Наименование Заболевания Наименование Лекарственного препарата / Медицинского изделия Регистрация в России (да/нет) Документы по нозологиям Общие документы

Спинальная мышечная атрофия (СМА)

МНН Нусинерсен
Да

1. Копия результата генетического анализа в соответствии с требованиями для данной категории детей

Спинальная мышечная атрофия (СМА)

МНН Рисдиплам
Да

1. Копия результата генетического анализа в соответствии с требованиями для данной категории детей

Спинальная мышечная атрофия (СМА)

МНН Онасемноген абепарвовек
Да
  1. Копия результата генетического анализа в соответствии с требованиями для данной категории детей.
  2. Анализ на наличие антител к ААV9 (давностью не более 1 месяца).  
  3. При смене терапии: копия протокола заключения консилиума трех Федеральных центров о наличии медицинских показаний для обеспечения лекарственным препаратом давностью не более 1 месяца.
  4. При начале терапии: копия протокола заключения консилиума Федерального центра о наличии медицинских показаний для обеспечения лекарственным препаратом давностью не более 1 месяца.
  5. Отказ законных представителей пациента от другого вида патогенетической терапии после применения генозаместительной терапии.
  6. Информированное согласие законного представителя пациента на применение лекарственного препарата.

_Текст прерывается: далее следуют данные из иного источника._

(* Let $\mathcal D$ be universal, $\mathrm H=(H,d)\in\mathfrak U_{\mathcal D}$, and let $\mathfrak t$ be a Katětov function of $\mathrm H$ with nonempty domain. Let $\mathcal D_{\mathfrak t}=\{n\in\mathcal D: n\le 2\operatorname{rank}(\mathfrak t)\}$. Then $\mathcal D_{\mathfrak t}$ is universal and the subspace of $\mathrm H$ on $\operatorname{orb}(\mathfrak t)$ is isometric to $\mathbf U_{\mathcal D_{\mathfrak t}}$; in particular $\operatorname{orb}(\mathfrak t)$ is infinite.
   Context: $\mathcal D$ is a finite subset of $\mathbb R_{\ge0}$ containing $0$. $\mathfrak U_{\mathcal D}$ is the class of countable homogeneous metric spaces (every isometry between finite subspaces extends to an isometry of the space onto itself) with distance set exactly $\mathcal D$ into which every finite metric space with distances in $\mathcal D$ embeds isometrically; these are all isometric, $\mathbf U_{\mathcal D}$ denotes one of them, and $\mathcal D$ is universal if the class is nonempty. For a metric space $(M,d)$ with distances in $\mathcal D$, a Katětov function is a map $\mathfrak t:F\to\mathcal D\setminus\{0\}$, $F\subseteq M$ finite, with $|\mathfrak t(x)-\mathfrak t(y)|\le d(x,y)\le\mathfrak t(x)+\mathfrak t(y)$ for all $x,y\in F$. Its orbit is $\operatorname{orb}(\mathfrak t)=\{y\in M\setminus F: d(y,x)=\mathfrak t(x)\text{ for all }x\in F\}$ and its rank is $\operatorname{rank}(\mathfrak t)=\min_{x\in F}\mathfrak t(x)$. *)

From Stdlib Require Import Reals List.
Import ListNotations.
Open Scope R_scope.

Definition is_metric (M : Type) (d : M -> M -> R) : Prop :=
  (forall x y, 0 <= d x y) /\
  (forall x y, d x y = 0 <-> x = y) /\
  (forall x y, d x y = d y x) /\
  (forall x y z, d x z <= d x y + d y z).

Definition countable (M : Type) : Prop :=
  exists f : M -> nat, forall x y, f x = f y -> x = y.

Definition distance_set_eq (D : list R) (M : Type) (d : M -> M -> R) : Prop :=
  (forall x y, In (d x y) D) /\ (forall r, In r D -> exists x y, d x y = r).

(* Every isometry between finite subspaces extends to a surjective isometry.
   A finite subspace is given by a list A; the partial isometry is g restricted to A. *)
Definition homogeneous (M : Type) (d : M -> M -> R) : Prop :=
  forall (A : list M) (g : M -> M),
    (forall x y, In x A -> In y A -> d (g x) (g y) = d x y) ->
    exists h : M -> M,
      (forall x y, d (h x) (h y) = d x y) /\
      (forall y, exists x, h x = y) /\
      (forall x, In x A -> h x = g x).

Definition D_universal_space (D : list R) (M : Type) (d : M -> M -> R) : Prop :=
  forall (F : Type) (dF : F -> F -> R),
    is_metric F dF ->
    (exists l : list F, forall x, In x l) ->
    (forall x y, In (dF x y) D) ->
    exists f : F -> M, forall x y, d (f x) (f y) = dF x y.

Definition in_U (D : list R) (M : Type) (d : M -> M -> R) : Prop :=
  is_metric M d /\ countable M /\ homogeneous M d /\
  distance_set_eq D M d /\ D_universal_space D M d.

Definition universal (D : list R) : Prop :=
  exists (M : Type) (d : M -> M -> R), in_U D M d.

Definition katetov (D : list R) (M : Type) (d : M -> M -> R)
    (F : list M) (t : M -> R) : Prop :=
  (forall x, In x F -> In (t x) D /\ t x <> 0) /\
  (forall x y, In x F -> In y F ->
     Rabs (t x - t y) <= d x y /\ d x y <= t x + t y).

Definition orb (M : Type) (d : M -> M -> R) (F : list M) (t : M -> R) (y : M) : Prop :=
  ~ In y F /\ forall x, In x F -> d y x = t x.

Definition rank (M : Type) (F : list M) (t : M -> R) : R :=
  match F with
  | [] => 0
  | x :: xs => fold_right (fun y acc => Rmin (t y) acc) (t x) xs
  end.

Definition D_restrict (D : list R) (r : R) : list R :=
  filter (fun n => if Rle_dec n (2 * r) then true else false) D.

Definition isometric (M : Type) (d : M -> M -> R) (N : Type) (e : N -> N -> R) : Prop :=
  exists f : M -> N,
    (forall x y, e (f x) (f y) = d x y) /\ (forall z, exists x, f x = z).

(* Let x0 be a point where t attains its rank r. By the triangle inequality through x0, two
   points of the orbit are at distance at most 2r, so the distances of the orbit lie in D_t.
   A finite metric space G with distances in D_t can be glued to F by placing each
   point of G at distance t(x) from every x in F: the Katetov conditions and the bound 2r on the
   diameter of G make this a metric with distances in D. Embedding the glued space into H over
   the identity on F (universality plus homogeneity of H) lands G in the orbit. An isometry
   between finite subsets of the orbit, extended by the identity on F, extends to an isometry of
   H fixing F pointwise, which therefore preserves the orbit. Hence the orbit belongs to
   U_{D_t}; any two members of U_{D_t} are isometric by back-and-forth, and the orbit
   contains equilateral sets of side r of every finite size, so it is infinite. *)

From Stdlib Require Import Reals List Lra Lia ClassicalEpsilon ProofIrrelevance.
Import ListNotations.
Open Scope R_scope.

Lemma sig_eq {A : Type} {P : A -> Prop} (a b : {x | P x}) :
  proj1_sig a = proj1_sig b -> a = b.
Proof. apply eq_sig_hprop; intros; apply proof_irrelevance. Qed.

Семейная средиземноморская лихорадка (ССЛ)

МНН Канакинумаб
Да

1. Копия результата генетического анализа ген MEVF.

Криопирин-ассоциированный периодический синдром (КАПС)

МНН Канакинумаб
Да

1. Копия результата генетического анализа на ген NLRP3

Периодический синдром, ассоциированный с рецептором фактора некроза опухоли (ТРАПС)

МНН Канакинумаб
Да

1. Копия результата генетического анализа на ген TNFRSF1A

Болезнь Помпе

МНН Алглюкозидаза альфа
Да
  1. Копия результата генетического анализа на ген GAA.
  2. Копия исследования определения активности лизосомных ферментов.

Гипофосфатазия

МНН Асфотаза альфа
Да

1. Копия результата генетического анализа в соответствии с требованиями для данной категории детей

Мукополисахаридоз IV A (МПС 4А)

МНН Элосульфаза Альфа
Да
  1. Копия результата генетического анализа на ген GALNS.
  2. Копия заключения с результатами энзимодиагностики.

Нейробластома

МНН Динутуксимаб бета МНН Йобенгуан, 131I
Нет
  1. Копия результата генетического анализа в соответствии с требованиями для данной категории детей (при наличии).
  2. В выписке из медицинской карты (истории развития) ребенка должна быть информация, подтверждающая соответствие пациента категории детей по данному заболеванию, указанная на сайте в разделе Перечень категорий детей.
  3. Копия заключения консилиума Федерального центра о наличии медицинских показаний для обеспечения незарегистрированным лекарственным препаратом.
  4. Информированное согласие законного представителя пациента на применение незарегистрированного лекарственного препарата.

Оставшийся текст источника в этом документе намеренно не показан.